• DIRECTIONS: Transcribe, word for word and without additions, each line below from the one containing "Import ListNotations." through the one containing "forall x, P x = true -> r1 x = r2 x.", both ends included.

※ ※ ※

(* Let $P,PA$ be labelings and $c$ a command with $P;PA\vdash_{\mathtt{true}}c$, and let $\rho_1\sim_P\rho_2$ and $\mu_1\sim_{PA}\mu_2$. Then $\langle c,\rho_1,\mu_1,\mathtt{true}\rangle\approx_i\langle c,\rho_2,\mu_2,\mathtt{true}\rangle$, i.e., for every directive list $D$ and observation lists $O_1,O_2$, if $\langle c,\rho_k,\mu_k,\mathtt{true}\rangle\xrightarrow[D]{O_k}{}_i^*$ some configuration for $k=1,2$ (ideal semantics w.r.t. $P$), then $O_1=O_2$.
   Context: Language AWhile: scalar variables $X\in\mathcal V$, arrays $a\in\mathcal A$; $e::=n\mid X\mid\mathrm{op}_{\mathbb N}(e,\dots,e)\mid be\,?\,e_1:e_2$; $be::=\mathtt{true}\mid\mathtt{false}\mid\mathrm{cmp}(e,e)\mid\mathrm{op}_{\mathbb B}(be,\dots,be)$; $c::=\mathtt{skip}\mid X:=e\mid c_1;c_2\mid\mathtt{if}\ be\ \mathtt{then}\ c_1\ \mathtt{else}\ c_2\mid\mathtt{while}\ be\ \mathtt{do}\ c\mid X\leftarrow a[e]\mid a[e]\leftarrow e'$. Scalar state $\rho:\mathcal V\to\mathbb N$; array state $\mu$ with sizes $|a|_\mu$ and values $\mu(a)[i]$; $[\![\cdot]\!]_\rho$ pure evaluation. Labels: $\mathtt{true}$=public, $\mathtt{false}$=secret; $\ell_1\sqsubseteq\ell_2$ iff $\ell_2=\mathtt{true}\Rightarrow\ell_1=\mathtt{true}$; $\ell_1\sqcup\ell_2=\ell_1\wedge\ell_2$. $P:\mathcal V\to$ labels, $PA:\mathcal A\to$ labels; $P(e),P(be)$ public iff all variables occurring are public. $\rho_1\sim_P\rho_2$ iff they agree on all public scalar variables; $\mu_1\sim_{PA}\mu_2$ iff they agree on sizes and contents of all public arrays. IFC typing $P;PA\vdash_{pc}c$: $\mathtt{skip}$; $X:=e$ if $pc\sqcup P(e)\sqsubseteq P(X)$; $c_1;c_2$ if both typed under $pc$; $\mathtt{if}$ if both branches typed under $pc\sqcup P(be)$; $\mathtt{while}$ if body typed under $pc\sqcup P(be)$; $X\leftarrow a[i]$ if $pc\sqcup P(i)\sqcup PA(a)\sqsubseteq P(X)$; $a[i]\leftarrow e$ if $pc\sqcup P(i)\sqcup P(e)\sqsubseteq PA(a)$. Ideal semantics w.r.t. $P$: configurations $\langle c,\rho,\mu,\beta\rangle$; steps $\xrightarrow[d]{o}{}_i$ with optional observation $o\in\{\mathrm{branch}(v),\mathrm{read}(a,i),\mathrm{write}(a,i)\}$ and optional directive $d\in\{\mathit{step},\mathit{force},\mathrm{load}(a',j),\mathrm{store}(a',j)\}$. $X:=e\to\mathtt{skip}$ with $\rho[X\mapsto[\![e]\!]_\rho]$; $c_1;c_2\to c_1';c_2$ whenever $c_1\to c_1'$; $\mathtt{skip};c\to c$; $\mathtt{while}\ be\ \mathtt{do}\ c\to\mathtt{if}\ be\ \mathtt{then}\ (c;\mathtt{while}\ be\ \mathtt{do}\ c)\ \mathtt{else}\ \mathtt{skip}$ (no obs/directive, flag kept). Conditional: $v=(P(be)\vee\neg\beta)\wedge[\![be]\!]_\rho$; $\mathit{step}$ goes to branch $v$; $\mathit{force}$ goes to branch $\neg v$ and sets $\beta:=\mathtt{true}$; obs $\mathrm{branch}(v)$. Read $X\leftarrow a[ie]$ with $\mathit{step}$: $i=0$ if $(P(ie)=\mathtt{false}\vee P(X)=\mathtt{true})\wedge\beta$, else $[\![ie]\!]_\rho$; requires $i<|a|_\mu$; $X:=\mu(a)[i]$; obs $\mathrm{read}(a,i)$. Read with $\mathrm{load}(a',j)$: requires $\beta=\mathtt{true}$, $P(ie)=\mathtt{true}$, $P(X)=\mathtt{false}$, $i=[\![ie]\!]_\rho\ge|a|_\mu$, $j<|a'|_\mu$; $X:=\mu(a')[j]$; obs $\mathrm{read}(a,i)$. Write $a[ie]\leftarrow ae$ with $\mathit{step}$: $i=0$ if $(P(ie)=\mathtt{false}\vee P(ae)=\mathtt{false})\wedge\beta$, else $[\![ie]\!]_\rho$; requires $i<|a|_\mu$; $\mu[a[i]\mapsto[\![ae]\!]_\rho]$; obs $\mathrm{write}(a,i)$. Write with $\mathrm{store}(a',j)$: requires $\beta=\mathtt{true}$, $P(ie)=P(ae)=\mathtt{true}$, $i\ge|a|_\mu$, $j<|a'|_\mu$; $\mu[a'[j]\mapsto[\![ae]\!]_\rho]$; obs $\mathrm{write}(a,i)$. Multi-step $\xrightarrow[D]{O}{}_i^*$ is the reflexive-transitive closure collecting directives $D$ and observations $O$. *)

From Stdlib Require Import String List Bool Arith.
Import ListNotations.

Definition var := string.
Definition arr := string.

Inductive aexp : Type :=
  | ANum (n : nat)
  | AId (x : var)
  | AOp (f : list nat -> nat) (args : list aexp)
  | ACond (b : bexp) (e1 e2 : aexp)
with bexp : Type :=
  | BTrue
  | BFalse
  | BCmp (f : nat -> nat -> bool) (e1 e2 : aexp)
  | BOp (f : list bool -> bool) (args : list bexp).

Inductive com : Type :=
  | Skip
  | Asgn (x : var) (e : aexp)
  | Seq (c1 c2 : com)
  | If (b : bexp) (c1 c2 : com)
  | While (b : bexp) (c : com)
  | ARead (x : var) (a : arr) (i : aexp)
  | AWrite (a : arr) (i : aexp) (e : aexp).

Definition state := var -> nat.
Definition astate := arr -> list nat.    (* mu: |a| = length (mu a), mu(a)[i] = nth i (mu a) 0 *)

Fixpoint aeval (rho : state) (e : aexp) : nat :=
  match e with
  | ANum n => n
  | AId x => rho x
  | AOp f args => f (map (aeval rho) args)
  | ACond b e1 e2 => if beval rho b then aeval rho e1 else aeval rho e2
  end
with beval (rho : state) (b : bexp) : bool :=
  match b with
  | BTrue => true
  | BFalse => false
  | BCmp f e1 e2 => f (aeval rho e1) (aeval rho e2)
  | BOp f args => f (map (beval rho) args)
  end.

(* Labels: true = public, false = secret. *)
Definition label := bool.
Definition lab_le (l1 l2 : label) : Prop := l2 = true -> l1 = true.
Definition lab_join (l1 l2 : label) : label := l1 && l2.

Definition pub_vars := var -> label.
Definition pub_arrs := arr -> label.

Fixpoint alabel (P : pub_vars) (e : aexp) : label :=
  match e with
  | ANum _ => true
  | AId x => P x
  | AOp _ args => forallb (alabel P) args
  | ACond b e1 e2 => blabel P b && alabel P e1 && alabel P e2
  end
with blabel (P : pub_vars) (b : bexp) : label :=
  match b with
  | BTrue | BFalse => true
  | BCmp _ e1 e2 => alabel P e1 && alabel P e2
  | BOp _ args => forallb (blabel P) args
  end.

Definition pub_equiv (P : pub_vars) (r1 r2 : state) : Prop :=
  forall x, P x = true -> r1 x = r2 x.

Definition pub_equiv_arr (PA : pub_arrs) (m1 m2 : astate) : Prop :=
  forall a, PA a = true -> m1 a = m2 a.

Inductive well_typed (P : pub_vars) (PA : pub_arrs) : label -> com -> Prop :=
  | WT_Skip pc : well_typed P PA pc Skip
  | WT_Asgn pc x e :
      lab_le (lab_join pc (alabel P e)) (P x) ->
      well_typed P PA pc (Asgn x e)
  | WT_Seq pc c1 c2 :
      well_typed P PA pc c1 -> well_typed P PA pc c2 ->
      well_typed P PA pc (Seq c1 c2)
  | WT_If pc b c1 c2 :
      well_typed P PA (lab_join pc (blabel P b)) c1 ->
      well_typed P PA (lab_join pc (blabel P b)) c2 ->
      well_typed P PA pc (If b c1 c2)
  | WT_While pc b c :
      well_typed P PA (lab_join pc (blabel P b)) c ->
      well_typed P PA pc (While b c)
  | WT_ARead pc x a i :
      lab_le (lab_join (lab_join pc (alabel P i)) (PA a)) (P x) ->
      well_typed P PA pc (ARead x a i)
  | WT_AWrite pc a i e :
      lab_le (lab_join (lab_join pc (alabel P i)) (alabel P e)) (PA a) ->
      well_typed P PA pc (AWrite a i e).

Inductive observation : Type :=
  | OBranch (v : bool)
  | ORead (a : arr) (i : nat)
  | OWrite (a : arr) (i : nat).

Inductive direction : Type :=
  | DStep
  | DForce
  | DLoad (a : arr) (j : nat)
  | DStore (a : arr) (j : nat).

Definition upd_state (rho : state) (x : var) (v : nat) : state :=
  fun y => if String.eqb y x then v else rho y.

Fixpoint upd_list (l : list nat) (i : nat) (v : nat) : list nat :=
  match l, i with
  | [], _ => []
  | _ :: t, 0 => v :: t
  | h :: t, S i' => h :: upd_list t i' v
  end.

Definition upd_astate (mu : astate) (a : arr) (i v : nat) : astate :=
  fun b => if String.eqb b a then upd_list (mu a) i v else mu b.

Definition cfg : Type := (com * state * astate * bool)%type.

※ ※ ※

• ANSWER:
Import ListNotations.

Definition var := string.
Definition arr := string.

Inductive aexp : Type :=
  | ANum (n : nat)
  | AId (x : var)
  | AOp (f : list nat -> nat) (args : list aexp)
  | ACond (b : bexp) (e1 e2 : aexp)
with bexp : Type :=
  | BTrue
  | BFalse
  | BCmp (f : nat -> nat -> bool) (e1 e2 : aexp)
  | BOp (f : list bool -> bool) (args : list bexp).

Inductive com : Type :=
  | Skip
  | Asgn (x : var) (e : aexp)
  | Seq (c1 c2 : com)
  | If (b : bexp) (c1 c2 : com)
  | While (b : bexp) (c : com)
  | ARead (x : var) (a : arr) (i : aexp)
  | AWrite (a : arr) (i : aexp) (e : aexp).

Definition state := var -> nat.
Definition astate := arr -> list nat.    (* mu: |a| = length (mu a), mu(a)[i] = nth i (mu a) 0 *)

Fixpoint aeval (rho : state) (e : aexp) : nat :=
  match e with
  | ANum n => n
  | AId x => rho x
  | AOp f args => f (map (aeval rho) args)
  | ACond b e1 e2 => if beval rho b then aeval rho e1 else aeval rho e2
  end
with beval (rho : state) (b : bexp) : bool :=
  match b with
  | BTrue => true
  | BFalse => false
  | BCmp f e1 e2 => f (aeval rho e1) (aeval rho e2)
  | BOp f args => f (map (beval rho) args)
  end.

(* Labels: true = public, false = secret. *)
Definition label := bool.
Definition lab_le (l1 l2 : label) : Prop := l2 = true -> l1 = true.
Definition lab_join (l1 l2 : label) : label := l1 && l2.

Definition pub_vars := var -> label.
Definition pub_arrs := arr -> label.

Fixpoint alabel (P : pub_vars) (e : aexp) : label :=
  match e with
  | ANum _ => true
  | AId x => P x
  | AOp _ args => forallb (alabel P) args
  | ACond b e1 e2 => blabel P b && alabel P e1 && alabel P e2
  end
with blabel (P : pub_vars) (b : bexp) : label :=
  match b with
  | BTrue | BFalse => true
  | BCmp _ e1 e2 => alabel P e1 && alabel P e2
  | BOp _ args => forallb (blabel P) args
  end.

Definition pub_equiv (P : pub_vars) (r1 r2 : state) : Prop :=
  forall x, P x = true -> r1 x = r2 x.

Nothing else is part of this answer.